Шрифт:
Она положила трубку.
Пэт продолжал костерить оператора:
– И не смей тут трубки бросать! Я с вас все стрясу!
Наконец Пэт закрыл свой телефон-раскладушку, попинал землю и повернулся к нам с Рустером:
– Нет, вы представляете, какая наглость! Два года мой абонентский ящик не обслуживался! Вот мудаки! Я отсужу у них десять миллионов. До Верховного суда дойду, если понадобится!
И тут Рустер задал Пэту вопрос, который явно не приходил тому в голову:
– А ты подумал, братишка, что скажет тебе судья, когда выяснится, что ты два года не проверял сообщения в своем абонентском ящике, а потому и не знал, что он не обслуживается?
Занавес.
Похоже, все мои родственники обожают судиться, вот только не всегда выбирают беспроигрышные дела.
На следующий день Камила, Леви и я раньше срока отправились домой, чтобы заняться одним неотложным делом.
Я твердо уверен, что любые попытки растянуть медовый месяц на всю оставшуюся жизнь заведомо обречены на провал. Я даже больше скажу – это несправедливо по отношению к супругам. Медовый месяц – как 120-ваттная лампочка, яркая, но недолговечная. Любимые вряд ли выдержат, если постоянно возносить их на пьедестал. Если смотреть на любимых как на сверхъестественные существа, то наше отражение в их глазах превращает в сверхъестественные существа и нас самих. И мы оба становимся недостижимыми для полного обладания.
Медовый месяц, как и Голливуд, напоминает мультфильм, прекрасный, но нереальный, далекий от действительности за порогом кинотеатра.
Мы живем в действительности. В ней обитают человеческие чувства. В ней скрываются наши секреты, поражения, страхи, надежды и неудачи. В ней заключено все то, что начинается после финальных титров. В ней настоящая любовь заботится, болит, понимает, спотыкается и поднимает на ноги. В действительности жить нелегко, но мы стараемся изо всех сил.
Двадцативаттная лампочка не осветит дорогу, если воспринимаешь любимую исключительно как Чудо-Женщину, а она считает тебя исключительно мистером Совершенство.
Стоваттная лампочка медового месяца – явление сверхъестественное.
По определению.
Медовый месяц – это начало. Первый раз. Рождение. Поэтому он и называется медовый месяц, а не семейная жизнь. Им невозможно завладеть в полной мере, его невозможно растянуть.
А потом рождается дочь.
Третьего января 2010 года родилась Вида Алвес Макконахи.

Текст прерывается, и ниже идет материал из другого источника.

(* There exists an absolute constant $C>0$ such that the following holds. Let $\tau,n,m,t\in\mathbb{N}^+$, let $W_1,\dots,W_\tau\in\mathbb{R}^{n\times m}$ be matrices, let $\alpha_1,\dots,\alpha_\tau\ge 0$ be weights, and let $S_1,\dots,S_\tau\in\mathbb{R}^{t\times n}$ be mutually independent CountSketch matrices, each with sketch size $t$. Then for any fixed $\theta\in\mathbb{R}^m$, with probability at least $0.99$, \[ \left|\,\Big\|\Big(\sum_{i=1}^{\tau}\sqrt{\alpha_i}\,S_iW_i\Big)\theta\Big\|_2^2-\sum_{i=1}^{\tau}\alpha_i\|W_i\theta\|_2^2\right|\le \frac{C}{\sqrt{t}}\sum_{i=1}^{\tau}\alpha_i\|W_i\theta\|_2^2 . \]
   Context: A CountSketch matrix $S\in\mathbb{R}^{t\times n}$ with sketch size $t$ is defined as follows: draw a 2-wise independent hash function $h:[n]\to[t]$ (so each $h(k)$ is uniformly distributed on $[t]$ and the values are pairwise independent) and, independently, a 4-wise independent hash function $\sigma:[n]\to\{-1,1\}$ (each $\sigma(k)$ uniform on $\{-1,1\}$, any four values independent). Then $S_{k,j}=\sigma(j)$ if $h(j)=k$ and $S_{k,j}=0$ otherwise; equivalently $(Sy)_k=\sum_{j:\,h(j)=k}\sigma(j)\,(y)_j$. The probability is over the randomness of $S_1,\dots,S_\tau$. *)

From HB Require Import structures.
From mathcomp Require Import all_boot all_order all_algebra.
From mathcomp Require Import reals Rstruct.
From Stdlib Require Import Rdefinitions.
Set Implicit Arguments. Unset Strict Implicit. Unset Printing Implicit Defensive.
Import Order.TTheory GRing.Theory Num.Theory.
Local Open Scope ring_scope.

Definition is_pmf (Omega : finType) (p : Omega -> R) : Prop :=
  (forall w, 0 <= p w) /\ \sum_(w : Omega) p w = 1.

Definition Pr (Omega : finType) (p : Omega -> R) (E : Omega -> bool) : R :=
  \sum_(w : Omega | E w) p w.

Definition indep2 (Omega : finType) (p : Omega -> R) (A B : finType)
  (X : Omega -> A) (Y : Omega -> B) : Prop :=
  forall a b, Pr p (fun w => (X w == a) && (Y w == b))
              = Pr p (fun w => X w == a) * Pr p (fun w => Y w == b).

Definition mutually_indep (Omega : finType) (p : Omega -> R) (tau : nat)
  (T : finType) (X : 'I_tau -> Omega -> T) : Prop :=
  forall f : 'I_tau -> T,
    Pr p (fun w => [forall i, X i w == f i])
    = \prod_(i < tau) Pr p (fun w => X i w == f i).

Definition two_wise_hash (Omega : finType) (p : Omega -> R) (n t : nat)
  (h : Omega -> {ffun 'I_n -> 'I_t}) : Prop :=
  (forall k j, Pr p (fun w => h w k == j) = (t%:R)^-1) /\
  (forall k1 k2 j1 j2, k1 != k2 ->
     Pr p (fun w => (h w k1 == j1) && (h w k2 == j2))
     = Pr p (fun w => h w k1 == j1) * Pr p (fun w => h w k2 == j2)).

(* sigma : [n] -> {-1,1} (true = +1, false = -1) is 4-wise independent with
   uniform values: any at most four values are independent and uniform. *)
Definition four_wise_sign (Omega : finType) (p : Omega -> R) (n : nat)
  (s : Omega -> {ffun 'I_n -> bool}) : Prop :=
  forall (K : {set 'I_n}) (b : 'I_n -> bool), leq #|K| 4 ->
    Pr p (fun w => [forall k in K, s w k == b k]) = (2%:R^-1) ^+ #|K|.

Definition sgn (b : bool) : R := if b then 1 else -1.
Lemma code_range g : 0 <= code g < 1.
Proof.
  pose proof (psum_le_lacunary_sum scale (coef g) scale_ge_1 scale_double (coef_range g) 0).
  pose proof (lacunary_sum_le scale (coef g) scale_ge_1 scale_double (coef_range g) (1/2)
    (psum_le_half scale (coef g) scale_ge_1 scale_double (coef_range g))).
  unfold code. simpl in *. lra.
Qed.

Definition codeT (g : nat -> nat) : Tpt := exist _ (code g) (code_range g).

Lemma code_tail_le g i delta : (forall j, (i <= j)%nat -> coef g j <= delta) ->
  scale i * (code g - psum_of g i) <= 2 * delta.
Proof. apply lacunary_tail_le. Qed.

Lemma code_tail_ge g i : coef g i <= scale i * (code g - psum_of g i).
Proof. apply lacunary_tail_ge. Qed.

Lemma code_ge_psum g i : psum_of g i <= code g.
Proof. apply psum_le_lacunary_sum. Qed.

Lemma psum_agree f g J : agree_upto J f g -> psum_of f J = psum_of g J.
Proof.
  intros Hfg. assert (Hn : forall n, (n <= J)%nat -> psum_of f n = psum_of g n).
  { induction n as [|n IH]; intros Hn; [reflexivity|]. simpl.
    rewrite IH by lia. unfold coef, digit, level. rewrite (Hfg n) by lia. reflexivity. }
  apply Hn, le_n.
Qed.

Lemma code_near_psum g J : psum_of g J <= code g <= psum_of g J + / (2 * INR (S J)).
Proof.
  split; [apply code_ge_psum|].
  pose proof (code_tail_le g J (1/4) (fun j _ => proj2 (coef_range g j))).
  assert (HJ : INR (S J) <= scale J).
  { apply le_INR. pose proof (pos_ge_index J). pose proof (a_sequence_gt_index u Ha (pos J)). lia. }
  pose proof (pos_INR J). rewrite S_INR in *.
  assert (code g - psum_of g J <= / (2 * scale J)).
  { apply (Rmult_le_reg_l (scale J)); [lra|].
    replace (scale J * / (2 * scale J)) with (1/2) by (field; lra). lra. }
  assert (/ (2 * scale J) <= / (2 * (INR J + 1))) by (apply Rinv_le_contravar; lra).
  lra.
Qed.

Lemma codeT_prefix_continuous eps : 0 < eps ->
  exists J, forall f g, agree_upto J f g -> Tdist (codeT f) (codeT g) < eps.
Proof.
  intros Heps. destruct (archimed_cor1 eps Heps) as [J [HJ HJpos]].
  exists J. intros f g Hfg. unfold Tdist. simpl.
  eapply Rle_lt_trans; [apply tnorm_le_Rabs|].
  pose proof (psum_agree f g J Hfg).
  pose proof (code_near_psum f J). pose proof (code_near_psum g J).
  assert (/ (2 * INR (S J)) < / INR J).
  { assert (0 < INR J) by (apply lt_0_INR; lia). rewrite S_INR.
    apply Rinv_lt_contravar; nra. }
  apply Rabs_def1; lra.
Qed.

Lemma tnorm_code_at_pos g i : coef g i <= tnorm (INR (u (pos i)) * code g).
Proof.
  assert (Hbelow : forall j, (j < i)%nat -> (S (pos j) <= pos i)%nat).
  { intros j Hj. pose proof (pos_le (S j) i Hj). pose proof (pos_lt_S j). lia. }
  destruct (psum_times_integer g _ i Hbelow) as [z Hz].
  replace (INR (u (pos i)) * code g) with (IZR z + scale i * (code g - psum_of g i))
    by (rewrite <- Hz; change (scale i) with (INR (u (pos i))); ring).
  rewrite tnorm_add_IZR, tnorm_id; [apply code_tail_ge|].
  pose proof (code_tail_ge g i). pose proof (coef_range g i).
  pose proof (code_tail_le g i (1/4) (fun j _ => proj2 (coef_range g j))). lra.
Qed.

Lemma tnorm_code_le g n i delta :
  (forall j, (j < i)%nat -> (S (pos j) <= n)%nat) -> (n <= pos i)%nat ->
  (forall j, (i <= j)%nat -> coef g j <= delta) ->
  tnorm (INR (u n) * code g) <= 2 * delta.
Proof.
  intros Hbelow Hn Hcoef. destruct (psum_times_integer g n i Hbelow) as [z Hz].
  replace (INR (u n) * code g) with (IZR z + INR (u n) * (code g - psum_of g i))
    by (rewrite <- Hz; ring).
  rewrite tnorm_add_IZR. eapply Rle_trans; [apply tnorm_le_Rabs|].
  pose proof (code_ge_psum g i). pose proof (pos_INR (u n)).
  assert (INR (u n) <= scale i) by (apply le_INR, a_sequence_le; assumption).
  pose proof (code_tail_le g i delta Hcoef).
  rewrite Rabs_right by nra. nra.
Qed.

Lemma code_s_u_diverges g : s_u u (codeT g) -> diverges g.
Proof.
  intros Hs M. assert (Heps : 0 < / (8 * (INR M + 1))).
  { apply Rinv_0_lt_compat. pose proof (pos_INR M). lra. }
  destruct (Hs _ Heps) as [N HN]. exists N. intros i Hi.
  specialize (HN (pos i) ltac:(pose proof (pos_ge_index i); lia)). simpl in HN.
  pose proof (tnorm_code_at_pos g i). pose proof (coef_bounds g i).
  assert (Hlev : (M <= level g i)%nat).
  { apply INR_le. destruct (Rle_lt_dec (INR M) (INR (level g i))) as [|Hlt]; [assumption|].
    assert (/ (8 * (INR M + 1)) <= / (8 * (INR (level g i) + 1)))
      by (apply Rinv_le_contravar; pose proof (pos_INR (level g i)); lra).
    lra. }
  unfold level in Hlev. lia.
Qed.

Lemma diverges_code_s_u g : diverges g -> s_u u (codeT g).
Proof.
  intros Hg eps Heps. destruct (archimed_cor1 eps Heps) as [k [Hk Hkpos]].
  destruct (Hg k) as [N HN]. set (i0 := Nat.max N k).
  exists (S (pos i0)). intros n Hn. simpl.
  destruct (pos_bracket n) as [i [Hbelow Hni]].
  assert (Hi0 : (i0 <= i)%nat).
  { destruct (Nat.le_gt_cases i0 i) as [|Hlt]; [assumption|].
    pose proof (pos_le i i0 ltac:(lia)). lia. }
  eapply Rle_lt_trans.
  - apply (tnorm_code_le g n i (/ (4 * (INR k + 1)))); [assumption|assumption|].
    intros j Hj. apply coef_le_of_level. specialize (HN j ltac:(lia)).
    unfold level. lia.
  - assert (0 < INR k) by (apply lt_0_INR; lia).
    replace (2 * / (4 * (INR k + 1))) with (/ (2 * (INR k + 1))) by (field; lra).
    apply (Rle_lt_trans _ (/ INR k)); [apply Rinv_le_contravar; lra|assumption].
Qed.

End Coding.

Theorem corollaryE (u : nat -> nat) :
  a_sequence u ->
  (forall M : nat, exists n : nat, (M < ratio u n)%nat) ->
  ~ T_Fsigma (s_u u).
Proof.
  intros Ha Hunb [F [HFclosed HFcover]].
  destruct (divergent_not_Fsigma (fun k g => F k (codeT u Ha Hunb g))) as [g [Hg HnotF]].
  - intros k. apply preimage_baire_closed; [apply codeT_prefix_continuous|apply HFclosed].
  - intros k g HF. apply (code_s_u_diverges u Ha Hunb), HFcover. now exists k.
  - destruct (proj1 (HFcover _) (diverges_code_s_u u Ha Hunb g Hg)) as [k Hk].
    exact (HnotF k Hk).
Qed.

Это единственный медовый месяц, который длится всю жизнь.
ПРОШЕЛ ГОД.
Мне предлагали десятки ролей в романтических комедиях. Исключительно роли в романтических комедиях. Из вежливости я читал сценарии, но упрямо придерживался выбранной стратегии и на все предложения отвечал отказом. Вот прямо-таки на все? А какие вообще были предложения?
Ну, один раз мне предложили пять миллионов долларов за два месяца работы. Я прочитал сценарий. Отказался.

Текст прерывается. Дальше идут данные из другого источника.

(* For every semistandard hook-valued tableau $T$ of shape $\lambda$, the recording tableau $Q(T)$ of the uncrowding map $\mathcal U(T)=(P(T),Q(T))$ is a column-flagged increasing tableau.
   Context: French notation: row $1$ is the bottom row, rows numbered upward, columns left to right; cell $(r,c)$ is in row $r$, column $c$. A semistandard tableau of hook shape consists of a hook entry $x$, a leg $\ell_1<\dots<\ell_p$ above $x$ with $x<\ell_1$, and an arm $a_1\le\dots\le a_q$ to the right of $x$ with $x\le a_1$ ($p,q\ge0$, positive integers). A (semistandard) hook-valued tableau (HVT) of partition shape $\lambda$ is a filling of the cells of $\lambda$ by such hook tableaux with $\max(A)\le\min(B)$ whenever the cell of $A$ is left of that of $B$ in the same row, and $\max(A)<\min(C)$ whenever the cell of $A$ is below that of $C$ in the same column. Arm excess = total number of arm entries. A column-flagged increasing tableau of shape $\mu/\lambda$ (where $\lambda\subseteq\mu$ are partitions whose first columns have equal length) is a filling of the cells of $\mu/\lambda$ by positive integers, strictly increasing along rows and along columns, such that every entry in column $j$ is at most $j-1$ (i.e. its transpose is a flagged increasing tableau). Uncrowding bumping $\mathcal V_b$: if arm excess of $T$ is $0$, $\mathcal V_b(T)=T$. Otherwise let $c$ be the largest index of a column containing a cell with nonempty arm; among such cells in column $c$ let $(r,c)$ be the one whose arm contains the largest value. Let $a$ be the largest arm entry of $(r,c)$, $\ell$ its largest leg entry, and $(a,\ell]\cap\mathsf L_T(r,c)$ the set of leg entries $x$ of $(r,c)$ with $a<x\le\ell$. In column $c+1$ find the smallest entry $\ge a$. If none exists, attach a new empty cell on top of column $c+1$, with row $\tilde r$, and let $k$ be empty; otherwise let $k$ be this entry and $(\tilde r,c+1)$ its cell. (a) If $\tilde r\ne r$: remove $a$ from the arm of $(r,c)$, put $a$ in the position of $k$ in $(\tilde r,c+1)$ (as hook entry if the cell is new), append $k$ (if nonempty) to the arm of $(\tilde r,c+1)$. (b) If $\tilde r=r$: move $(a,\ell]\cap\mathsf L_T(r,c)$ from the leg of $(r,c)$ into the leg of $(r,c+1)$, remove $a$ from the arm of $(r,c)$, replace the hook entry of $(r,c+1)$ by $a$, append $k$ (if nonempty) to the arm of $(r,c+1)$. Uncrowding insertion: $\mathcal V(T)=\mathcal V_b^d(T)$ where $d\ge1$ is minimal such that $\mathsf{shape}(\mathcal V_b^d(T))\neq\mathsf{shape}(\mathcal V_b^{d-1}(T))$ or $\mathcal V_b^d(T)=\mathcal V_b^{d-1}(T)$. Uncrowding map: for $T\in\mathsf{HVT}(\lambda)$ with arm excess $\alpha$, set $P_0=T$ and $Q_0$ the empty tableau of shape $\lambda/\lambda$; for $1\le i\le\alpha$ let $P_i=\mathcal V(P_{i-1})$, let $c$ be the index of the rightmost column of $P_{i-1}$ containing a cell with nonzero arm excess and $\tilde c$ the column of the cell $\mathsf{shape}(P_i)/\mathsf{shape}(P_{i-1})$; $Q_i$ is $Q_{i-1}$ with this cell added and filled with $\tilde c-c$. Then $\mathcal U(T)=(P(T),Q(T)):=(P_\alpha,Q_\alpha)$. *)

From mathcomp Require Import all_boot.
Set Implicit Arguments. Unset Strict Implicit. Unset Printing Implicit Defensive.

(* Conventions:
   - a tableau is a seq of columns (left to right); a column is a seq of
     cells from bottom (row 1) to top.  Column index j and row index i are
     0-based in the seqs: list position (i, j) is cell (row i+1, column j+1).
   - a hook tableau (cell content) is (hook entry, leg, arm). *)

Definition hcell := (nat * seq nat * seq nat)%type.
Definition hk (x : hcell) : nat := x.1.1.
Definition leg (x : hcell) : seq nat := x.1.2.
Definition arm (x : hcell) : seq nat := x.2.
Definition dcell : hcell := (0, [::], [::]).

Definition tab := seq (seq hcell).
Definition cell (T : tab) (i j : nat) : hcell := nth dcell (nth [::] T j) i.

(* shape as the list of column lengths (the conjugate partition) *)
Definition tab_shape (T : tab) : seq nat := map size T.

Definition young (s : seq nat) : bool :=
  all (fun n => 0 < n) s && sorted geq s.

Потом предложили восемь миллионов. Отказался.
Потом предложили десять миллионов. Нет, спасибо.
Потом двенадцать с половиной миллионов. Спасибо, как-нибудь в другой раз.
Потом четырнадцать с половиной миллионов.

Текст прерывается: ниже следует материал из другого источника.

(* Let $F$ be a finite-dimensional Freudenthal triple system over $\Bbbk\in\{\mathbb{R},\mathbb{C}\}$ with antisymmetric bilinear form $\langle\cdot,\cdot\rangle$. For $a,b\in F$ define polynomial maps $F\oplus\Bbbk\to F\oplus\Bbbk$ by (for $z\in F$, $\zeta\in\Bbbk$; scalar-valued terms lie in the $\Bbbk$ component): $K_{ab}(z+\zeta)=2\langle a,b\rangle$, $U_a(z+\zeta)=a+\langle a,z\rangle$, $S_{ab}(z+\zeta)=(abz)-\zeta\langle a,b\rangle$, $\tilde U_a(z+\zeta)=-\tfrac12(zaz)-\tfrac12\zeta a+\tfrac16\langle (zzz),a\rangle-\tfrac12\zeta\langle a,z\rangle$, $\tilde K_{ab}(z+\zeta)=\tfrac16\langle a,b\rangle(zzz)+\tfrac12\zeta\langle a,b\rangle z-\tfrac1{12}\langle a,b\rangle\langle (zzz),z\rangle+\tfrac12\zeta^2\langle a,b\rangle$. Then their linear span is a Lie algebra under $[f,g](p)=Df(p)(g(p))-Dg(p)(f(p))$, and for all $a,b,c,d\in F$: $[S_{ab},S_{cd}]=S_{(abc)d}+S_{c(bad)}$, $[S_{ab},U_c]=U_{(abc)}$, $[S_{ab},K_{cd}]=\langle c,d\rangle K_{ba}$, $[U_a,U_b]=K_{ab}$, $[S_{ab},\tilde U_c]=\tilde U_{(bac)}$, $[S_{ab},\tilde K_{cd}]=\langle c,d\rangle\tilde K_{ab}$, $[U_a,\tilde U_b]=S_{ab}$, $[U_a,\tilde K_{cd}]=\langle c,d\rangle\tilde U_a$, $[K_{ab},\tilde U_c]=\langle a,b\rangle U_c$, $[K_{ab},\tilde K_{cd}]=\langle a,b\rangle(S_{cd}-S_{dc})$, $[\tilde U_a,\tilde U_b]=\tilde K_{ab}$, $[\tilde K_{ab},\tilde K_{cd}]=[\tilde K_{ab},\tilde U_c]=0$.
   Context: A Freudenthal triple system (FTS) is a vector space $F$ over $\Bbbk$ with a trilinear product $(xyz)$ and an antisymmetric bilinear form $\langle\cdot,\cdot\rangle:F\times F\to\Bbbk$ such that for all $u,v,x,y,z\in F$: $(uv(xyz))=((uvx)yz)+(x(vuy)z)+(xy(uvz))$; $\langle x,y\rangle z=(xzy)-(yzx)=(yxz)-(xyz)$; $\langle u,v\rangle\langle x,y\rangle=\langle (yxu),v\rangle-\langle (yxv),u\rangle$. $Df(p)$ is the derivative of the polynomial map $f$ at $p$. *)

From HB Require Import structures.
From mathcomp Require Import all_boot all_order all_algebra.
From Stdlib Require Import ClassicalEpsilon.
Set Implicit Arguments. Unset Strict Implicit. Unset Printing Implicit Defensive.
Import Order.TTheory GRing.Theory Num.Theory.
Local Open Scope ring_scope.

Гм. Может, повнимательней прочесть сценарий?
Как ни странно, он оказался намного лучше. Смешнее, драматичнее и в общем качественнее того, который мне предлагали за пять миллионов. Тот же самый сценарий, с теми же самыми словами. Но гораздо лучше предыдущих.
Я отказался.
Если у меня не было возможности делать то, что я хочу, я не собирался делать то, чего не хочу, и не важно, сколько мне за это заплатят.
Мне на выручку приходило чувство юмора, меня поддерживала сильная женщина, а сын и дочь не давали сидеть без дела. Все это помогло мне пережить временный разрыв с Голливудом. Однако же постоянно приходилось напоминать себе, что моя самоизоляция – разновидность отложенного вознаграждения, что сегодняшнее воздержание – это завтрашняя прибыль, что мой личный протест выгребает мусор из моей души, что я, как говорит Уоррен Баффет, запасаюсь соломенными шляпами среди зимы. Но то, что я не работал и не был на виду, сказывалось на моем настроении.
Дело в том, что я ощущаю свою значимость только в работе. За восемнадцать лет я пристрастился к съемкам, как к наркотику, мне нравилось играть роли, и отсутствие работы вызывало своего рода ломку. Каждое предложение сняться в романтической комедии заставляло думать о ролях – о любых, каких угодно, лишь бы получить работу. Стремление к личностному развитию боролось во мне с соблазном делать то, что я и без того считал большой честью, хотя хорошо понимал, как важно для меня, чтобы мое творчество и работа отражали мою жизнь и мою сущность.